How Does C++ Handle &&? (Short-Circuit Evaluation)

How does C++ handle &&? (Short-circuit evaluation)

Yes, the && operator in C++ uses short-circuit evaluation so that if bool1 evaluates to false it doesn't bother evaluating bool2.

"Short-circuit evaluation" is the fancy term that you want to Google and look for in indexes.

The same happens with the || operator, if bool1 evaluates to true then the whole expression will evaluate to true, without evaluating bool2.

In case you want to evaluate all expressions anyway you can use the & and | operators.

Is short-circuiting logical operators mandated? And evaluation order?

Yes, short-circuiting and evaluation order are required for operators || and && in both C and C++ standards.

C++ standard says (there should be an equivalent clause in the C standard):

1.9.18

In the evaluation of the following expressions

a && b
a || b
a ? b : c
a , b

using the built-in meaning of the operators in these expressions, there is a sequence point after the evaluation of the first expression (12).

In C++ there is an extra trap: short-circuiting does NOT apply to types that overload operators || and &&.
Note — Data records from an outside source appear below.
(* Let $a\ge a_0$. If $(DFE_a)$ admits a solution on $\mathbf V$, then there is a cycle $\xi$ in $\mathbf X$ with $\sigma_a(\xi)=0$.
   Context: Network $\Gamma$ with finite arcs $\mathcal E$ closed under inversion, vertices $\mathbf V$, connected; Hamiltonians $H_\gamma$ continuous, coercive, quasiconvex with $\mathrm{Int}\{H_\gamma(s,\cdot)\le b\}=\{H_\gamma(s,\cdot)<b\}$, $H_{\tilde\gamma}(s,p)=H_\gamma(1-s,-p)$; $a_0$ = max of $\max_s\min_pH_\gamma$ over non-closed arcs and of $c_\gamma$ (least level admitting a periodic viscosity subsolution) over closed arcs. Graph $\mathbf X=(\mathbf V,\mathbf E)$, bijection $\Psi:\mathbf E\to\mathcal E$, $\mathrm o(e)=\Psi(e)(0)$, $\mathrm t(e)=\Psi(e)(1)$, $-e=\Psi^{-1}(\widetilde{\Psi(e)})$, $\mathbf E_x=\{e:\mathrm o(e)=x\}$, $\sigma_a(e)=\int_0^1\max\{p:H_{\Psi(e)}(t,p)=a\}dt$. Cycle: $\xi=(e_1,\dots,e_M)$, $M\ge1$, $\mathrm t(e_j)=\mathrm o(e_{j+1})$, $\mathrm t(e_M)=\mathrm o(e_1)$; $\sigma_a(\xi)=\sum\sigma_a(e_i)$. $(DFE_a)$: $u(x)=\min_{e\in\mathbf E_x}(u(\mathrm t(e))+\sigma_a(-e))$ for all $x\in\mathbf V$. *)

From mathcomp Require Import all_boot.
From Stdlib Require Import Reals ClassicalEpsilon.
Set Implicit Arguments. Unset Strict Implicit. Unset Printing Implicit Defensive.
Open Scope R_scope.

Definition IsMaxR (P : R -> Prop) (m : R) : Prop := P m /\ forall x, P x -> x <= m.
Definition IsMinR (P : R -> Prop) (m : R) : Prop := P m /\ forall x, P x -> m <= x.

Definition in01 (s : R) : Prop := 0 <= s <= 1.

Definition ham_continuous (H : R -> R -> R) : Prop :=
  forall s p, in01 s -> forall eps, 0 < eps -> exists delta, 0 < delta /\
    forall s' p', in01 s' -> Rabs (s' - s) < delta -> Rabs (p' - p) < delta ->
      Rabs (H s' p' - H s p) < eps.

Definition ham_coercive (H : R -> R -> R) : Prop :=
  forall M, exists R0, forall s p, in01 s -> R0 < Rabs p -> M < H s p.

Definition ham_quasiconvex (H : R -> R -> R) : Prop :=
  forall s p q l, in01 s -> 0 <= l <= 1 ->
    H s (l * p + (1 - l) * q) <= Rmax (H s p) (H s q).

(* Int {H(s,.) <= b} = {H(s,.) < b} *)
Definition ham_int_cond (H : R -> R -> R) : Prop :=
  forall s b p, in01 s ->
    ((exists delta, 0 < delta /\ forall q, Rabs (q - p) < delta -> H s q <= b)
     <-> H s p < b).

Definition C1 (phi : R -> R) : Prop :=
  exists dphi : R -> R, (forall x, derivable_pt_lim phi x (dphi x)) /\ continuity dphi.

Definition visc_subsol (H : R -> R -> R) (c : R) (u : R -> R) : Prop :=
  forall s, 0 < s < 1 ->
  forall phi dphi, (forall x, derivable_pt_lim phi x (dphi x)) -> continuity dphi ->
    (exists r, 0 < r /\ forall y, 0 < y < 1 -> Rabs (y - s) < r ->
        u y - phi y <= u s - phi s) ->
    H s (dphi s) <= c.

Definition u_continuous01 (u : R -> R) : Prop :=
  forall s, in01 s -> forall eps, 0 < eps -> exists delta, 0 < delta /\
    forall s', in01 s' -> Rabs (s' - s) < delta -> Rabs (u s' - u s) < eps.

Definition admits_periodic_subsol (H : R -> R -> R) (c : R) : Prop :=
  exists u : R -> R, u_continuous01 u /\ u 0 = u 1 /\ visc_subsol H c u.

Definition is_crit_value (H : R -> R -> R) (c : R) : Prop :=
  IsMinR (admits_periodic_subsol H) c.

Definition is_maxmin (H : R -> R -> R) (v : R) : Prop :=
  IsMaxR (fun w => exists s, in01 s /\ IsMinR (fun z => exists p, z = H s p) w) v.

(* max { p : H(t,p) = a } (chosen by Hilbert's epsilon; it exists for a >= a_0) *)
Definition maxp (H : R -> R -> R) (a t : R) : R :=
  epsilon (inhabits 0) (fun m => IsMaxR (fun p => H t p = a) m).

(* Riemann integral over [0,1] (the value does not depend on the proof of
   integrability; 0 is a junk value for non-integrable functions) *)
Definition int01 (f : R -> R) : R :=
  epsilon (inhabits 0) (fun v => exists pr : Riemann_integrable f 0 1, RiemannInt pr = v).

Definition sigma_arc (H : R -> R -> R) (a : R) : R := int01 (fun t => maxp H a t).

Definition sigma_seq (E : Type) (sig : E -> R) (xi : seq E) : R :=
  \big[Rplus/0]_(e <- xi) sig e.

Definition is_graph_cycle (V E : finType) (org tgt : E -> V) (xi : seq E) : Prop :=
  leq 1 (size xi) /\ cycle (fun e f => tgt e == org f) xi.

Definition adj (V E : finType) (org tgt : E -> V) : rel V :=
  fun x y => [exists e, (org e == x) && (tgt e == y)].

Definition DFE (V E : finType) (org tgt : E -> V) (rev : E -> E) (sig : E -> R)
  (u : V -> R) : Prop :=
  forall x, IsMinR (fun v => exists e, org e = x /\ v = u (tgt e) + sig (rev e)) (u x).

(* Each vertex x has an arc e from x realising the minimum in (DFE_a), so that
   u(x) = u(t(e)) + sigma_a(-e).  Following these arcs from any vertex of the
   finite graph eventually returns to a vertex already visited; along the closed
   orbit so obtained the increments of u telescope to 0, and the inverted arcs,
   read backwards, form a cycle of total sigma_a equal to 0. *)
From mathcomp Require Import all_boot.
From Stdlib Require Import Reals ClassicalEpsilon Lra.
Set Implicit Arguments. Unset Strict Implicit. Unset Printing Implicit Defensive.
Open Scope R_scope.

Lemma sigma_seq_rcons (E : Type) (sig : E -> R) s x :
  sigma_seq sig (rcons s x) = sigma_seq sig s + sig x.
Proof.
rewrite /sigma_seq; elim: s => [|y s IHs] /=; rewrite !big_cons ?big_nil; lra.
Qed.

Lemma sigma_seq_rev (E : Type) (sig : E -> R) s :
  sigma_seq sig (rev s) = sigma_seq sig s.
Proof.
elim: s => [|y s IHs] //.
by rewrite rev_cons sigma_seq_rcons IHs /sigma_seq big_cons Rplus_comm.
Qed.

Lemma sigma_seq_map (E F : Type) (sig : F -> R) (h : E -> F) s :
  sigma_seq sig (map h s) = sigma_seq (fun e => sig (h e)) s.
Proof. exact: big_map. Qed.

Lemma sigma_seq_traject_telescope (T : Type) (f : T -> T) (u c : T -> R) :
  (forall x, u x = u (f x) + c x) ->
  forall n x, sigma_seq c (traject f x n) = u x - u (iter n f x).
Proof.
move=> Hstep; elim=> [|n IHn] x; first by rewrite /sigma_seq big_nil /=; lra.
by rewrite trajectS /sigma_seq big_cons -/(sigma_seq _ _) IHn iterSr (Hstep x); lra.
Qed.

Lemma exists_periodic_point (T : finType) (f : T -> T) (x : T) :
  exists (y : T) (n : nat), (0 < n)%nat /\ iter n f y = y.
Proof.
have /trajectP[i lt_i_ord Hi] := looping_order f x.
exists (iter i f x), (order f x - i)%nat; split; first by rewrite subn_gt0.
by rewrite -iterD subnK ?Hi // ltnW.
Qed.

Lemma fcycle_traject_periodic (T : eqType) (f : T -> T) (y : T) n :
  iter n f y = y -> fcycle f (traject f y n).
Proof.
case: n => [|m] // Hper.
rewrite trajectS /=.
have -> : rcons (traject f (f y) m) y = traject f (f y) m.+1.
  by rewrite trajectSr -iterSr Hper.
exact: fpath_traject.
Qed.

Section DescentCycle.

Variables (V E : finType) (org tgt : E -> V) (inv : E -> E).
Hypothesis org_inv : forall e, org (inv e) = tgt e.
Hypothesis tgt_inv : forall e, tgt (inv e) = org e.
Variable g : V -> E.
Hypothesis org_g : forall x, org (g x) = x.

(* The arcs [inv (g x)] run against the orbit of [tgt \o g], hence the reversal. *)
Lemma graph_cycle_of_orbit s :
  (0 < size s)%nat -> fcycle (fun x => tgt (g x)) s ->
  is_graph_cycle org tgt (rev (map (fun x => inv (g x)) s)).
Proof.
move=> s_gt0 Hcyc; split; first by rewrite size_rev size_map.
rewrite rev_cycle cycle_map; apply: etrans Hcyc; apply: eq_cycle => x y /=.
by rewrite tgt_inv org_inv org_g eq_sym.
Qed.

End DescentCycle.

Lemma DFE_descent_arcs (V E : finType) (org tgt : E -> V) (rev : E -> E)
    (sig : E -> R) (u : V -> R) :
  DFE org tgt rev sig u ->
  exists g : V -> E, forall x, org (g x) = x /\ u x = u (tgt (g x)) + sig (rev (g x)).
Proof.
move=> Hu; apply: (choice (fun x e => org e = x /\ u x = u (tgt e) + sig (rev e))) => x.
by case: (Hu x) => [[e [He ->]] _]; exists e.
Qed.

Theorem proposition6p17
  (V E : finType) (org tgt : E -> V) (rev : E -> E)
  (H : E -> R -> R -> R)
  (* the graph X: inversion of arcs *)
  (Hrev_inv : forall e, rev (rev e) = e)
  (Hrev_neq : forall e, rev e <> e)
  (Hrev_org : forall e, org (rev e) = tgt e)
  (* every vertex is an endpoint of an arc, and the network is connected *)
  (Hvert : forall x, exists e, org e = x)
  (Hconn : forall x y, connect (adj org tgt) x y)
  (* the Hamiltonians *)
  (Hcont : forall e, ham_continuous (H e))
  (Hcoer : forall e, ham_coercive (H e))
  (Hqc : forall e, ham_quasiconvex (H e))
  (Hint : forall e, ham_int_cond (H e))
  (Hsym : forall e s p, in01 s -> H (rev e) s p = H e (1 - s) (- p))
  (* a_0 *)
  (a0 : R)
  (Ha0 : IsMaxR (fun v => exists e,
            (org e <> tgt e /\ is_maxmin (H e) v) \/
            (org e = tgt e /\ is_crit_value (H e) v)) a0)
  (a : R) (Ha : a0 <= a)
  (u : V -> R)
  (Hu : DFE org tgt rev (fun e => sigma_arc (H e) a) u) :
  exists xi : seq E, is_graph_cycle org tgt xi /\
    sigma_seq (fun e => sigma_arc (H e) a) xi = 0.
Proof.
set sig := fun e => sigma_arc (H e) a.
have [g Hg] := DFE_descent_arcs Hu.
have tgt_rev e : tgt (rev e) = org e by rewrite -[in RHS](Hrev_inv e) Hrev_org.
(* [Ha0] is used only to know that the graph has a vertex. *)
have [[e0 _] _] := Ha0.
have [y [n [n_gt0 Hper]]] := exists_periodic_point (fun x => tgt (g x)) (org e0).
exists (seq.rev (map (fun x => rev (g x)) (traject (fun x => tgt (g x)) y n))).
split.
  apply: graph_cycle_of_orbit => //; first by move=> x; case: (Hg x).
    by rewrite size_traject.
  exact: fcycle_traject_periodic.
rewrite sigma_seq_rev sigma_seq_map.
rewrite (sigma_seq_traject_telescope (u := u)) ?Hper; first lra.
by move=> x; case: (Hg x).
Qed.
Theorem lemma3p14 (n k : nat) (s : seq 'S_n) (u w : 'S_n)
  (m : nat) (a b i : 'I_n) :
  (0 < k)%N -> (k < n)%N ->
  dec_after k w ->
  (0 < size s)%N -> head 1%g s = u -> last 1%g s = w ->
  inc_kchain k s ->
  (m.+1 < size s)%N ->
  (kstep k (nth 1%g s m) (nth 1%g s m.+1) a b \/
   kstep k (nth 1%g s m) (nth 1%g s m.+1) b a) ->
  (a < b)%N ->
  nth 1%g s m.+1 i = b ->
  [/\ (forall p : 'I_n, (p < k)%N -> u p != b),
      (forall c : 'I_n, (a < c < b)%N -> ((u^-1)%g c < i)%N) &
      (forall c : 'I_n, (a < c < b)%N ->
         forall m', (m'.+1 < size s)%N ->
         forall x y : 'I_n, kstep k (nth 1%g s m') (nth 1%g s m'.+1) x y ->
         c != x /\ c != y)].
Proof.
move=> _ _ w_dec _ <- w_last chain m_S step lt_ab vi.
have [pm [qm exm]] : exists pm qm, kexchange k (nth 1%g s m) (nth 1%g s m.+1) a b pm qm.
  case: step => /kstep_exchange[pm [qm ex]]; first by exists pm, qm.
  by move: lt_ab; rewrite ltnNge ltnW // (kexchange_lt ex).
have -> : i = pm by apply: (@perm_inj _ (nth 1%g s m.+1)); rewrite vi (kexchange_after_left exm).
have last_dec : dec_after k (nth 1%g s (size s).-1) by rewrite nth_last w_last.
rewrite -nth0; split.
- exact: (high_not_initially_left chain m_S exm).
- exact: (between_initially_left chain m_S exm last_dec).
- move=> c c_between t tS x y.
  exact: (between_not_exchanged chain m_S exm last_dec c_between tS).
Qed.
Lemma add_gen_sub (S : {set T}) : S \subset add_gen B S.
Proof. by apply/subsetP=> y Sy; apply/mem_add_gen=> H _ /subsetP; apply. Qed.

Lemma add_gen_min (S H : {set T}) :
  is_addsubgroup B H -> S \subset H -> add_gen B S \subset H.
Proof. by move=> HB SH; apply/subsetP=> y /mem_add_gen; apply. Qed.

Lemma add_gen_addsub (S : {set T}) : is_addsubgroup B (add_gen B S).
Proof.
apply/addsubP; split; first by apply/mem_add_gen=> H /addsubP[].
  move=> a b /mem_add_gen Sa /mem_add_gen Sb; apply/mem_add_gen=> H HB SH.
  by have [_ HD _] := addsubP _ HB; apply: HD; [apply: Sa | apply: Sb].
move=> a /mem_add_gen Sa; apply/mem_add_gen=> H HB SH.
by have [_ _ HN] := addsubP _ HB; apply/HN/Sa.
Qed.

Lemma add_gen_homo (S : {set T}) (f : T -> T) :
  {morph f : y z / y + z} -> {homo f : y / y \in S >-> y \in add_gen B S} ->
  {homo f : y / y \in add_gen B S}.
Proof.
move=> fD fS; have [G0 GD GN] := addsubP _ (add_gen_addsub S).
have f0 : f 0 = 0 by apply: (@addrI (f 0)); rewrite -fD !addr0.
have fN y : f (- y) = - f y by apply: addr_eq0; rewrite -fD addNr.
pose P := [set y in add_gen B S | f y \in add_gen B S].
have PS : add_gen B S \subset P.
  apply: add_gen_min; last by apply/subsetP=> y Sy; rewrite inE fS ?(subsetP (add_gen_sub S)).
  apply/addsubP; split; first by rewrite inE G0 f0.
    by move=> a b /setIdP[Ga fGa] /setIdP[Gb fGb]; rewrite inE fD !GD.
  by move=> a /setIdP[Ga fGa]; rewrite inE fN !GN.
by move=> y /(subsetP PS) /setIdP[].
Qed.

Lemma mem_ideal_gen (S : {set T}) y :
  reflect (forall I, is_ideal B I -> S \subset I -> y \in I) (y \in ideal_gen B S).
Proof.
rewrite inE; apply: (iffP forallP) => [yS I IB SI | yS I].
  by move/implyP: (yS I); apply; rewrite IB.
by apply/implyP=> /andP[]; apply: yS.
Qed.

Lemma ideal_gen_sub (S : {set T}) : S \subset ideal_gen B S.
Proof. by apply/subsetP=> y Sy; apply/mem_ideal_gen=> I _ /subsetP; apply. Qed.

Lemma ideal_gen_ideal (S : {set T}) : is_ideal B (ideal_gen B S).
Proof.
have closed1 (f : T -> T) : (forall I, is_ideal B I -> {homo f : i / i \in I}) ->
    {homo f : i / i \in ideal_gen B S}.
  by move=> fI i /mem_ideal_gen Si; apply/mem_ideal_gen=> I IB SI; apply/fI/Si.
have closed2 (f : T -> T -> T) :
    (forall I, is_ideal B I -> {in I &, forall i j, f i j \in I}) ->
    {in ideal_gen B S &, forall i j, f i j \in ideal_gen B S}.
  move=> fI i j /mem_ideal_gen Si /mem_ideal_gen Sj.
  by apply/mem_ideal_gen=> I IB SI; apply: fI; [| apply: Si | apply: Sj].
have elem (y : T) : (forall I, is_ideal B I -> y \in I) -> y \in ideal_gen B S.
  by move=> yI; apply/mem_ideal_gen=> I IB _; apply: yI.
apply/idealP; split.
- apply/addsubP; split.
  + by apply: elem=> I /idealP[/addsubP[]].
  + by apply: closed2=> I /idealP[/addsubP[]].
  + by apply: closed1=> I /idealP[/addsubP[]].
- by move=> a; apply: closed1=> I /idealP[].
- by move=> a; apply: closed1=> I /idealP[].
- apply/circsubP; split.
  + by apply: elem=> I /idealP[_ _ _ /circsubP[]].
  + by apply: closed2=> I /idealP[_ _ _ /circsubP[]].
  + by apply: closed1=> I /idealP[_ _ _ /circsubP[]].
- by move=> a; apply: closed1=> I /idealP[_ _ _ _]; apply.
Qed.

Lemma star_B2 a b : star a b \in B2 B.
Proof. by apply: (subsetP (add_gen_sub _)); apply/imset2P; exists a b. Qed.

Lemma B2_ideal : is_ideal B (B2 B).
Proof.
have B2_addsub : is_addsubgroup B (B2 B) := add_gen_addsub _.
have [_ GD GN] := addsubP _ B2_addsub.
apply: ideal_of_star => //.
- move=> a; apply: add_gen_homo; first exact: conjD.
  move=> y /imset2P[b c _ _ ->].
  have -> : conj a (star b c) = - star b a + star b (a + c) by rewrite starD addKr.
  by apply: GD; [apply: GN |]; apply: star_B2.
- by move=> a i Gi; rewrite lamE; apply: GD => //; apply: star_B2.
- by move=> i b _; apply: star_B2.
Qed.

Lemma star_min_ideal (V : {set T}) :
  (forall I, is_ideal B I -> I != [set 0] -> V \subset I) -> B3 B = [set 0] ->
  forall v b, v \in V -> star v b = 0.
Proof.
move=> Vmin B3_0 v b Vv; have [B2_0 | B2_neq0] := eqVneq (B2 B) [set 0].
  by have := star_B2 v b; rewrite B2_0 inE => /eqP.
have VB2 := subsetP (Vmin _ B2_ideal B2_neq0).
have : star v b \in B3 B.
  by apply: (subsetP (add_gen_sub _)); apply/imset2P; exists v b => //; apply: VB2.
by rewrite B3_0 inE => /eqP.
Qed.

Lemma homo_cancel_set (N : {set T}) (f g : T -> T) :
  cancel f g -> {homo f : n / n \in N} -> {homo g : n / n \in N}.
Proof.
move=> fK fN n Nn; have fNN : f @: N \subset N by apply/subsetP=> _ /imsetP[m Nm ->]; apply: fN.
have /eqP fN_eq : f @: N == N by rewrite eqEcard fNN (card_imset _ (can_inj fK)) leqnn.
have /imsetP[m Nm ->] : n \in f @: N by rewrite fN_eq.
by rewrite fK.
Qed.

Section Stabilizer.
Variables (phi : T -> T -> T) (N : {set T}).
Hypotheses (phi0 : phi 0 =1 id) (phiD : forall a b, phi (a + b) =1 phi a \o phi b).

Definition stab : {set T} := [set a | [forall n in N, phi a n \in N]].

Lemma stabP a : reflect {homo phi a : n / n \in N} (a \in stab).
Proof. by rewrite inE; apply: forall_inP. Qed.

Lemma stab_addsub : is_addsubgroup B stab.
Proof.
apply/addsubP; split; first by apply/stabP=> n; rewrite phi0.
  by move=> a b /stabP Sa /stabP Sb; apply/stabP=> n Nn; rewrite phiD; apply/Sa/Sb.
move=> a /stabP Sa; apply/stabP; apply: homo_cancel_set Sa => n.
by have := phiD (- a) a n; rewrite addNr phi0.
Qed.

Lemma stab_setT (X D : {set T}) x :
  add_gen B X = setT -> x \in X -> (forall y, y \in X -> y - x \in D) ->
  {homo phi x : n / n \in N} -> (forall v, v \in D -> {homo phi v : n / n \in N}) ->
  forall a, {homo phi a : n / n \in N}.
Proof.
move=> X_gen Xx XD Nx ND a; apply/stabP.
suff : add_gen B X \subset stab by rewrite X_gen => /subsetP; apply; rewrite inE.
apply: add_gen_min; first exact: stab_addsub.
apply/subsetP=> y Xy; apply/stabP=> n Nn.
by rewrite -(addrNK y x) phiD; apply/ND/Nx; rewrite ?XD.
Qed.

End Stabilizer.

Section TrivialQuotient.
Variable V : {set T}.
Hypotheses (V_addsub : is_addsubgroup B V)
  (V_triv : forall a b, - (a + b) + (a \bo b) \in V)
  (lamV : forall v, v \in V -> lam v =1 id).

Lemma lam_coset a b : - a + b \in V -> lam b =1 lam a.
Proof.
have [_ VD VN] := addsubP _ V_addsub.
move=> Vab n; have {1}-> : b = a \bo (inv a \bo b) by rewrite bcircA bcircVr bcirc1l.
suff /lamV Vc : inv a \bo b \in V by rewrite lamM /= Vc.
have Vinv : inv a + a \in V.
  by have /VN := V_triv (inv a) a; rewrite bcircVl bone0 addr0 opprK.
have Vsum : inv a + b \in V by rewrite -(addNKr a b) addrA; apply: VD.
by rewrite -(addNKr (inv a + b) (inv a \bo b)); apply: VD.
Qed.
Footnote 12: The operators indicated in this paragraph are the built-in operators, as described in clause 5. When one of these operators is overloaded (clause 13) in a valid context, thus designating a user-defined operator function, the expression designates a function invocation, and the operands form an argument list, without an implied sequence point between them.

It is usually not recommended to overload these operators in C++ unless you have a very specific requirement. You can do it, but it may break expected behaviour in other people's code, especially if these operators are used indirectly via instantiating templates with the type overloading these operators.

C++ short-circuiting of booleans

No, the B==2 part is not evaluated. This is called short-circuit evaluation.

Edit: As Robert C. Cartaino rightly points out, if the logical operator is overloaded, short-circuit evaluation does not take place (that having been said, why someone would overload a logical operator is beyond me).

Does short circuiting make execution of the program faster, and is analysing which statement to put first in the condition statement worth it?

First, make sure you are not a victim of premature optimization.

With that said, make sure that you did everything you could to speedup the bottleneck of your program.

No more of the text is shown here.